[Dataset records]
★ ★ ★ ★

(* Needed because [\int[mu]_x f x] is the [fine] of the integral, hence 0 when
   the integral diverges. *)
Lemma integrable_one_sub_cos (th : R) :
  mu.-integrable setT (EFin \o (fun x => 1 - cos (th * e x))).
Proof.
apply/integrableP; split; first exact/measurable_EFinP/measurable_funB.
have mmin : measurable_fun setT (fun x => Num.min 1 (e x ^+ 2)).
  exact: measurable_minr (measurable_funX _ me).
apply: (@le_lt_trans _ _ (\int[mu]_x ((2 + th ^+ 2)%:E * (Num.min 1 (e x ^+ 2))%:E))%E).
  apply: ge0_le_integral => //.
  - by apply: measurableT_comp => //; exact/measurable_EFinP/measurable_funB.
  - exact/measurable_funeM/measurable_EFinP.
  by move=> x _; rewrite -EFinM lee_fin ger0_norm ?one_sub_cos_le_min.
rewrite ge0_integralZl_EFin ?addr_ge0 ?sqr_ge0 //.
- by rewrite lte_mul_pinfty // lee_fin addr_ge0 ?sqr_ge0.
- by move=> x _; rewrite lee_fin le_min ler01 sqr_ge0.
- exact/measurable_EFinP.
Qed.

Lemma measure_neq0_eq0 :
  (forall m : nat, \int[mu]_x (1 - cos (m.+1%:R^-1 * e x)) = 0) ->
  mu [set x | e x <> 0] = 0%E.
Proof.
move=> int0.
have mE : measurable [set x | e x <> 0].
  by have := me measurableT _ (measurableC (measurable_set1 0)); rewrite setTI.
apply/(negligibleP _ mE).
pose N m := [set x | 1 - cos (m.+1%:R^-1 * e x) != 0].
apply: (@negligibleS _ _ _ mu (\bigcup_m N m)).
  move=> x /eqP ex0; exists (Num.truncn `|e x|) => //.
  rewrite /N /= subr_eq0 eq_sym lt_eqF // cos_lt1 //.
    by rewrite mulf_neq0 ?invr_eq0 ?pnatr_eq0.
  rewrite normrM ger0_norm ?invr_ge0 // mulrC ltr_pdivrMr //.
  by have := truncnS_gt `|e x|; have := ler0n R (Num.truncn `|e x|).+1; lra.
apply: negligible_bigcup => m.
apply: Rintegral_eq0_negligible (integrable_one_sub_cos _) _ (int0 m) => x.
by rewrite subr_ge0 cos_le1.
Qed.

End one_sub_cos_integral.

Definition same_law {R : realType} {d1} {O1 : measurableType d1}
    (P1 : probability O1 R) (X1 : O1 -> R)
    {d2} {O2 : measurableType d2} (P2 : probability O2 R) (X2 : O2 -> R) :=
  forall A : set R, measurable A -> P1 (X1 @^-1` A) = P2 (X2 @^-1` A).

Definition indep2 {R : realType} {d} {O : measurableType d}
    (P : probability O R) (X1 X2 : O -> R) :=
  forall A B : set R, measurable A -> measurable B ->
    P (X1 @^-1` A `&` X2 @^-1` B) = (P (X1 @^-1` A) * P (X2 @^-1` B))%E.

Section bounded_Rintegral.
Context {R : realType} {d} {O : measurableType d} (P : probability O R).

Lemma integrable_bounded (f : O -> R) (M : R) : measurable_fun setT f ->
  (forall w, `|f w| <= M) -> P.-integrable setT (EFin \o f).
Proof.
move=> mf fM; apply: measurable_bounded_integrable => //.
  exact: le_lt_trans (probability_le1 P measurableT) (ltry _).
exists M; split; first exact: ger0_real (le_trans (normr_ge0 _) (fM point)).
by move=> M' MM' w _; exact: le_trans (fM w) (ltW MM').
Qed.
Lemma trajectory_sum_cond_exp m : forall h Phi,
  \sum_(tau : m.-tuple ('I_d * bool))
     (\prod_(t < m) step_prob (h ++ take t tau) (tnth tau t)) * Phi (h ++ tau)
  = cond_exp h m Phi.
Proof.
elim: m => [|m IH] h Phi.
  rewrite (big_pred1 [tuple]) /=; last by move=> t; apply/esym/eqP/tuple0.
  by rewrite big_ord0 mul1r cats0.
pose cons_tuple (y : ('I_d * bool) * m.-tuple ('I_d * bool)) := [tuple of y.1 :: y.2].
rewrite (reindex cons_tuple) /=; last first.
  exists (fun t => (thead t, [tuple of behead t])) => [[x u] _|t _] /=.
    by rewrite theadE; congr pair; apply: val_inj.
  by rewrite [RHS]tuple_eta.
rewrite -(pair_bigA _ (fun x u => (\prod_(t < m.+1) step_prob (h ++ take t
   (cons_tuple (x, u))) (tnth (cons_tuple (x, u)) t)) * Phi (h ++ cons_tuple (x, u)))) /=.
apply: eq_bigr => x _; rewrite -IH mulr_sumr; apply: eq_bigr => u _.
rewrite big_ord_recl tnth0 /= cats0 -mulrA cat_rcons; congr (_ * (_ * _)).
by apply: eq_bigr => i _; rewrite tnthS /= cat_rcons.
Qed.

Lemma cond_expD m : forall h Phi Psi,
  cond_exp h m (fun s => Phi s + Psi s) = cond_exp h m Phi + cond_exp h m Psi.
Proof.
elim: m => [//|m IH] h Phi Psi /=.
by rewrite -big_split /=; apply: eq_bigr => x _; rewrite IH mulrDr.
Qed.

Lemma cond_expZ m : forall h c Phi,
  cond_exp h m (fun s => c * Phi s) = c * cond_exp h m Phi.
Proof.
elim: m => [//|m IH] h c Phi /=.
by rewrite mulr_sumr; apply: eq_bigr => x _; rewrite IH mulrCA.
Qed.

Lemma cond_exp_sum m : forall h (F : 'I_d -> history d -> R),
  cond_exp h m (fun s => \sum_(a < d) F a s) = \sum_(a < d) cond_exp h m (F a).
Proof.
elim: m => [//|m IH] h F /=.
by rewrite exchange_big /=; apply: eq_bigr => x _; rewrite IH mulr_sumr.
Qed.

Lemma sum_action_censor (F : 'I_d * bool -> R) :
  \sum_(x : 'I_d * bool) F x = \sum_(a < d) (F (a, true) + F (a, false)).
Proof.
rewrite (eq_bigr (fun x => F (x.1, x.2))); last by case.
rewrite -(pair_bigA _ (fun a b => F (a, b))) /=.
by apply: eq_bigr => a _; rewrite big_bool.
Qed.

Variables (T : nat) (A : nat -> {set 'I_d}).
Hypothesis p_range : forall a, 0 < p a <= 1.
Hypothesis pi_valid : valid_policy T A pi.

Lemma bern_ge0 a b : 0 <= bern (p a) b.
Proof. by have /andP[p0 p1] := p_range a; case: b; rewrite /bern ?subr_ge0 // ltW. Qed.

Lemma step_prob_ge0 h x : (size h < T)%N -> 0 <= step_prob h x.
Proof.
by move=> hs; have [pi0 _] := pi_valid hs; apply: mulr_ge0 => //; exact: bern_ge0.
Qed.

Lemma step_prob_sum1 h : (size h < T)%N -> \sum_x step_prob h x = 1.
Proof.
move=> hs; have [_ [pi_sum _]] := pi_valid hs; rewrite sum_action_censor -pi_sum.
by apply: eq_bigr => a _; rewrite /step_prob /= -mulrDr /bern subrKC mulr1.
Qed.

Lemma cond_exp_cst m : forall h c, (size h + m <= T)%N -> cond_exp h m (fun _ => c) = c.
Proof.
elim: m => [//|m IH] h c hs /=.
under eq_bigr => x _ do rewrite IH ?size_rcons ?addSnnS //.
rewrite -mulr_suml step_prob_sum1 ?mul1r //.
by apply: leq_trans hs; rewrite -addSnnS leq_addr.
Qed.

Lemma ler_cond_exp m : forall h Phi Psi, (size h + m <= T)%N ->
  (forall s, size s = (size h + m)%N -> Phi s <= Psi s) ->
  cond_exp h m Phi <= cond_exp h m Psi.
Proof.
elim: m => [|m IH] h Phi Psi hs H /=; first by apply: H; rewrite addn0.
apply: ler_sum => x _; apply: ler_wpM2l.
  by apply: step_prob_ge0; apply: leq_trans hs; rewrite -addSnnS leq_addr.
apply: IH; first by rewrite size_rcons addSnnS.
by move=> s; rewrite size_rcons addSnnS; apply: H.
Qed.

End TrajectoryExpectation.

Section HistorySums.
Variables (R : realType) (d : nat).

Fixpoint path_sum_from (G : history d -> 'I_d * bool -> R) (acc s : history d) : R :=
  match s with
  | [::] => 0
  | x :: s' => G acc x + path_sum_from G (rcons acc x) s'
  end.

Definition path_sum G s := path_sum_from G [::] s.

Lemma path_sum_from_rcons G s : forall acc x,
  path_sum_from G acc (rcons s x) = path_sum_from G acc s + G (acc ++ s) x.
Proof.
elim: s => [|y s IH] acc x /=; first by rewrite addr0 add0r cats0.
by rewrite IH addrA cat_rcons.
Qed.

Lemma path_sum_nil G : path_sum G [::] = 0. Proof. by []. Qed.

Lemma path_sum_rcons G s x : path_sum G (rcons s x) = path_sum G s + G s x.
Proof. exact: path_sum_from_rcons. Qed.

Lemma tuple_sum_path_sum G m : forall acc (tau : m.-tuple ('I_d * bool)),
  \sum_(t < m) G (acc ++ take t tau) (tnth tau t) = path_sum_from G acc tau.
Proof.
elim: m => [|m IH] acc tau; first by rewrite big_ord0 (tuple0 tau).
case: tau => [[|x u] //= hu].
rewrite big_ord_recl take0 cats0 -(IH _ (Tuple hu)); congr (_ + _).
by apply: eq_bigr => i _; rewrite !(tnth_nth x) /= cat_rcons add0n.
Qed.

Definition pulls (a : 'I_d) (s : history d) : nat :=
  count (fun u : 'I_d * bool => u.1 == a) s.

Lemma pulls_rcons (a : 'I_d) (s : history d) (x : 'I_d * bool) : pulls a (rcons s x) = (pulls a s + (x.1 == a))%N.
Proof. by rewrite /pulls -cats1 count_cat /= addn0. Qed.

Lemma Ncount_rcons (s : history d) (a : 'I_d) (x : 'I_d * bool) : Ncount (rcons s x) a = (Ncount s a + ((x.1 == a) && x.2))%N.
Proof. by rewrite /Ncount -cats1 count_cat /= addn0. Qed.

Lemma sum_indicator (b : 'I_d) (Y : 'I_d -> R) : \sum_(a < d) (b == a)%:R * Y a = Y b.
Proof.
rewrite (bigD1 b) //= eqxx mul1r big1 ?addr0 // => a ab.
by rewrite eq_sym (negbTE ab) mul0r.
Qed.

Lemma sum_pulls s : \sum_(a < d) (pulls a s)%:R = (size s)%:R :> R.
Proof.
elim/last_ind: s => [|s x IH]; first by rewrite big1.
rewrite size_rcons -addn1 natrD -IH.
under eq_bigr => a _ do rewrite pulls_rcons natrD.
rewrite big_split /=; congr (_ + _).
by rewrite -[RHS](sum_indicator x.1 (fun=> 1)); apply: eq_bigr => a _; rewrite mulr1.
Qed.

Lemma path_sum_by_arm (F : 'I_d -> nat -> R) s :
  path_sum (fun h x => F x.1 (pulls x.1 h)) s = \sum_(a < d) \sum_(k < pulls a s) F a k.
Proof.
elim/last_ind: s => [|s x IH].
  by rewrite path_sum_nil big1 // => a _; rewrite big_ord0.
rewrite path_sum_rcons IH -(sum_indicator x.1 (fun a => F a (pulls a s))) -big_split /=.
apply: eq_bigr => a _; rewrite pulls_rcons.
case: (x.1 == a); last by rewrite addn0 mul0r addr0.
by rewrite addn1 big_ord_recr /= mul1r.
Qed.

End HistorySums.

Section CensoredBound.
Variables (R : realType) (d T : nat) (p : 'I_d -> R) (A : nat -> {set 'I_d})
  (lam alpha delta : R) (psi : R -> R) (pi : history d -> 'I_d -> R).
Hypotheses (d_gt0 : (0 < d)%N) (T_ge2 : (2 <= T)%N) (p_range : forall a, 0 < p a <= 1)
  (lam_gt0 : 0 < lam) (alpha_gt0 : 0 < alpha) (delta_range : 0 < delta < 1)
  (psi_deriv : forall x : R, 0 < x -> is_derive x 1 psi (x `^ (- alpha)))
  (pi_valid : valid_policy T A pi).

Definition round_term (h : history d) (x : 'I_d * bool) : R :=
  ((Ncount h x.1)%:R + lam) `^ (- alpha).

Definition lam_inv : R := (lam `^ alpha)^-1.

(* Value of the term of arm a after k pulls if exactly a (1 - delta) p_a
   fraction of them were uncensored. *)
Definition ideal_term (a : 'I_d) (k : nat) : R :=
  ((1 - delta) * p a * k%:R + lam) `^ (- alpha).

Definition lam_shift : R := lam / (1 - delta).
Definition delta_factor : R := ((1 - delta) `^ alpha)^-1.

(* A primitive of y |-> ideal_term a y, expressed through psi. *)
Definition ideal_primitive (a : 'I_d) (y : R) : R :=
  delta_factor / p a * psi (p a * y + lam_shift).

Definition burn_in (a : 'I_d) : R := 24 * ln T%:R / p a.
Definition in_burn_in (a : 'I_d) (k : nat) : R :=
  ((1 <= k)%N && (k%:R < burn_in a)%R)%:R.

(* The exponential supermartingale exp(-delta N_a + mgf_rate a * pulls_a). *)
Definition mgf_rate (a : 'I_d) : R := p a * (1 - expR (- delta)).
Definition exp_mart (a : 'I_d) (h : history d) : R :=
  expR (- delta * (Ncount h a)%:R + mgf_rate a * (pulls a h)%:R).

Definition tail_rate (a : 'I_d) : R := delta ^+ 2 * p a / 2.
Definition tail_weight (a : 'I_d) (k : nat) : R :=
  (burn_in a <= k%:R)%R%:R * expR (- (tail_rate a * k%:R)).

Lemma pa_gt0 a : 0 < p a. Proof. by case/andP: (p_range a). Qed.
Lemma pa_le1 a : p a <= 1. Proof. by case/andP: (p_range a). Qed.
Lemma delta_gt0 : 0 < delta. Proof. by case/andP: delta_range. Qed.
Lemma delta_lt1 : delta < 1. Proof. by case/andP: delta_range. Qed.
Lemma lam_inv_ge0 : 0 <= lam_inv. Proof. by rewrite invr_ge0 powR_ge0. Qed.
Lemma lam_invE : lam `^ (- alpha) = lam_inv. Proof. by rewrite powRN. Qed.
Lemma lam_shift_gt0 : 0 < lam_shift.
Proof. by rewrite divr_gt0 // subr_gt0 delta_lt1. Qed.
Lemma delta_factor_ge0 : 0 <= delta_factor.
Proof. by rewrite invr_ge0 powR_ge0. Qed.
Lemma exp_mart_ge0 a h : 0 <= exp_mart a h. Proof. exact: expR_ge0. Qed.
Lemma tail_weight_ge0 a k : 0 <= tail_weight a k.
Proof. by apply: mulr_ge0; [exact: ler0n | exact: expR_ge0]. Qed.
Lemma burn_in_gt0 a : 0 < burn_in a.
Proof.
apply: divr_gt0; last exact: pa_gt0.
by apply: mulr_gt0 => //; apply: ln_gt0; rewrite ltr1n.
Qed.
Lemma deff_gt0 : 0 < deff p.
Proof.
rewrite /deff (bigD1 (Ordinal d_gt0)) //=; apply: ltr_wpDr.
  by apply: sumr_ge0 => a _; rewrite invr_ge0 ltW ?pa_gt0.
by rewrite invr_gt0 pa_gt0.
Qed.

Lemma mgf_rate_ge a : p a * (delta - delta ^+ 2 / 2) <= mgf_rate a.
Proof.
apply: ler_wpM2l; first exact: ltW (pa_gt0 a).
have := expRN_le_quadratic (ltW delta_gt0); lra.
Qed.

(* Key pointwise inequality: if N_b >= (1 - delta) p_b k the round's term is
   at most the ideal one; otherwise it is at most lam^(-alpha), and either
   arm b is in burn-in or exp_mart * tail_weight >= 1. *)
Lemma round_term_le h x : round_term h x <=
  ideal_term x.1 (pulls x.1 h) + lam_inv * (in_burn_in x.1 (pulls x.1 h)
    + exp_mart x.1 h * tail_weight x.1 (pulls x.1 h)).
Proof.
set b := x.1; set k := pulls b h; set N : R := (Ncount h b)%:R.
have N0 : 0 <= N by rewrite /N ler0n.
have k0 : 0 <= k%:R :> R by rewrite ler0n.
have pb := pa_gt0 b; have dl := delta_lt1; have dg := delta_gt0.
have rest_ge0 : 0 <= lam_inv * (in_burn_in b k + exp_mart b h * tail_weight b k).
  apply: mulr_ge0; first exact: lam_inv_ge0.
  by apply: addr_ge0; [exact: ler0n | apply: mulr_ge0; [exact: exp_mart_ge0|exact: tail_weight_ge0]].
case: (lerP ((1 - delta) * p b * k%:R) N) => hN.
  rewrite -[round_term h x]addr0; apply: lerD => //.
  apply: powRN_le => //; last by rewrite lerD2r.
  by apply: ltr_pwDr => //; apply: mulr_ge0 => //; apply: mulr_ge0; lra.
have term_le : round_term h x <= lam_inv.
  by rewrite -lam_invE; apply: powRN_le => //; rewrite lerDr.
apply: (le_trans term_le); rewrite -{1}[lam_inv]add0r; apply: lerD; first exact: powR_ge0.
rewrite -[X in X <= _]mulr1; apply: ler_wpM2l; first exact: lam_inv_ge0.
have k1 : (1 <= k)%N.
  by clear rest_ge0 term_le; case: k hN k0 => // hN _; rewrite mulr0 in hN; lra.
case: (ltrP (k%:R) (burn_in b)) => hK.
  by rewrite /in_burn_in k1 hK /= lerDl; apply: mulr_ge0; [exact: exp_mart_ge0|exact: tail_weight_ge0].
rewrite -{1}[1]add0r; apply: lerD; first exact: ler0n.
rewrite /exp_mart /tail_weight hK mul1r -expRD; apply: le_trans (expR_ge1Dx _); rewrite lerDl.
have h1 : mgf_rate b * k%:R >= p b * (delta - delta ^+ 2 / 2) * k%:R.
  by apply: ler_wpM2r => //; exact: mgf_rate_ge.
have h2 : delta * N <= delta * ((1 - delta) * p b * k%:R) by apply: ler_wpM2l; lra.
rewrite /tail_rate -/N -/k; lra.
Qed.

Definition ideal_part (s : history d) : R :=
  path_sum (fun h x => ideal_term x.1 (pulls x.1 h)) s.
Definition burn_in_part (a : 'I_d) (s : history d) : R :=
  path_sum (fun h x => (x.1 == a)%:R * in_burn_in a (pulls x.1 h)) s.
Definition tail_part (a : 'I_d) (s : history d) : R :=
  path_sum (fun h x => (x.1 == a)%:R * (exp_mart a h * tail_weight a (pulls a h))) s.

Lemma Valpha_split s : path_sum round_term s <=
  ideal_part s + lam_inv * \sum_(a < d) (burn_in_part a s + tail_part a s).
Proof.
elim/last_ind: s => [|s x IH].
  by rewrite /ideal_part !path_sum_nil big1 ?mulr0 ?addr0 // => a _;
    rewrite /burn_in_part /tail_part !path_sum_nil addr0.
have parts_rcons : \sum_(a < d) (burn_in_part a (rcons s x) + tail_part a (rcons s x)) =
    \sum_(a < d) (burn_in_part a s + tail_part a s) +
    (in_burn_in x.1 (pulls x.1 s) + exp_mart x.1 s * tail_weight x.1 (pulls x.1 s)).
  rewrite -(sum_indicator x.1 (fun a => in_burn_in a (pulls x.1 s)
    + exp_mart a s * tail_weight a (pulls a s))) -big_split /=.
  by apply: eq_bigr => a _; rewrite /burn_in_part /tail_part !path_sum_rcons /=; ring.
rewrite parts_rcons /ideal_part !path_sum_rcons -/(ideal_part s).
have := lerD IH (round_term_le s x); lra.
Qed.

★ ★ ★ ★

TASK STATEMENT>
Find all lines in the records that hold the word "Hypothesis". Copy them.

SOLUTION>
Hypothesis p_range : forall a, 0 < p a <= 1.
Hypothesis pi_valid : valid_policy T A pi.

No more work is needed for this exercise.